3. Print off the value circle activity under June health tips. Complete the diagram and answer and submit the accompanying questions.

Assignment #2

For the month of May you need to follow along with the May calendar found at the top of the web site. 

1-Out of the 14 fitness days, how many did you complete? 

2-List two of the rest day activities that you completed and write your answers.

3-Which of the three Saturday challenges was most challenging? Which did you enjoy?

4-Complete at least one of the minute to win it challenges and explain which one you were successful at. 

Assignment #1

This April there is a heavy focus on mental and physical well being.
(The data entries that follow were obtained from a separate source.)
(* For every $n\geq 1$, $$\sum_{T\in \mathcal P_{n,0}}x^{\mathrm{young}_T(1)}\,t^{\mathrm{eld}(T)}=\prod_{k=0}^{n-2}(x+k+kt).$$ In particular, the number of increasing (non-plane) rooted trees on $[n]$ is $(n-1)!$ and the number of increasing plane trees on $[n]$ is $(2n-3)!!$.
   Context: All trees are rooted trees whose vertices are labeled by distinct positive integers. A vertex $j$ is a descendant of $i$ if the path from the root to $j$ passes through $i$ (every vertex is a descendant of itself); $\beta_T(i)$ is the smallest descendant of $i$. If $j$ is a descendant of $i$ joined to $i$ by an edge, $j$ is a child of $i$ and the edge is written $(i,j)$; children of the same vertex are brothers. A plane tree is a rooted tree in which the children of each vertex are linearly ordered (left to right). In a plane tree $T$, a vertex $j$ is elder if it has a brother $k$ to its right with $\beta_T(k)<\beta_T(j)$. $\mathrm{eld}_T(v)$ is the number of elder children of $v$, $\mathrm{eld}(T)$ the total number of elder vertices, $\deg_T(v)$ the number of children of $v$, and $\mathrm{young}_T(v)=\deg_T(v)-\mathrm{eld}_T(v)$. An edge $(i,j)$ is proper if $j$ is an elder child of $i$ or $i<\beta_T(j)$; otherwise improper. $\mathcal P_{n,0}$ is the set of plane trees on $[n]=\{1,\dots,n\}$ (any root) with no improper edges. A (plane) tree on $[n]$ is increasing if the labels along every path from the root to another vertex form an increasing sequence. Here $(2n-3)!!=1\cdot3\cdots(2n-3)$, equal to $1$ when $n=1$. *)

From HB Require Import structures.
From mathcomp Require Import all_boot all_order all_algebra.
Set Implicit Arguments. Unset Strict Implicit. Unset Printing Implicit Defensive.

(* A node carries its label and the left-to-right ordered list of the
   subtrees rooted at its children. *)
Inductive ptree := PNode of nat & seq ptree.

Definition plabel (t : ptree) : nat := let: PNode a _ := t in a.
Definition pkids (t : ptree) : seq ptree := let: PNode _ ts := t in ts.

Fixpoint ptree_enc (t : ptree) : GenTree.tree nat :=
  let: PNode a ts := t in GenTree.Node a (map ptree_enc ts).
Fixpoint ptree_dec (g : GenTree.tree nat) : ptree :=
  match g with
  | GenTree.Leaf _ => PNode 0 [::]
  | GenTree.Node a gs => PNode a (map ptree_dec gs)
  end.

Lemma ptree_encK_aux : forall t, ptree_dec (ptree_enc t) = t.
Proof.
fix IH 1; case=> a ts /=; congr PNode.
elim: ts => //= u us IHus; by rewrite IH IHus.
Qed.
Lemma ptree_encK : cancel ptree_enc ptree_dec.
Proof. exact: ptree_encK_aux. Qed.

HB.instance Definition _ := Countable.copy ptree (can_type ptree_encK).

Fixpoint labels (t : ptree) : seq nat :=
  let: PNode a ts := t in a :: flatten (map labels ts).

(* all subtrees; the subtree rooted at vertex v represents v *)
Fixpoint subtrees (t : ptree) : seq ptree :=
  let: PNode _ ts := t in t :: flatten (map subtrees ts).

Definition plane_tree_on (n : nat) (t : ptree) : bool :=
  perm_eq (labels t) (iota 1 n).

Definition beta (t : ptree) : nat := foldr minn (plabel t) (labels t).

Definition pdef : ptree := PNode 0 [::].

(* the i-th child (0-based, left to right) among the children ts is elder:
   it has a brother to its right with a smaller beta *)
Definition elder (ts : seq ptree) (i : nat) : bool :=
  has (fun j => (i < j) && (beta (nth pdef ts j) < beta (nth pdef ts i)))
      (iota 0 (size ts)).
Please write a brief reflection based on the following points bellow and send it to me after you complete: (April calendar, weekly workouts and weekly health tips).

1-How many days did you complete the challenges for April? Which did you prefer and why?

2-Which weekly workout did you prefer? Which did you find the most challenging?

3-Did you notice an improvement in how you felt after you worked out?

5-What was your score for the minute basketball challenge? 

6-What would you rank your mental and physical health on a scale of 1 to 10 this month?Explain.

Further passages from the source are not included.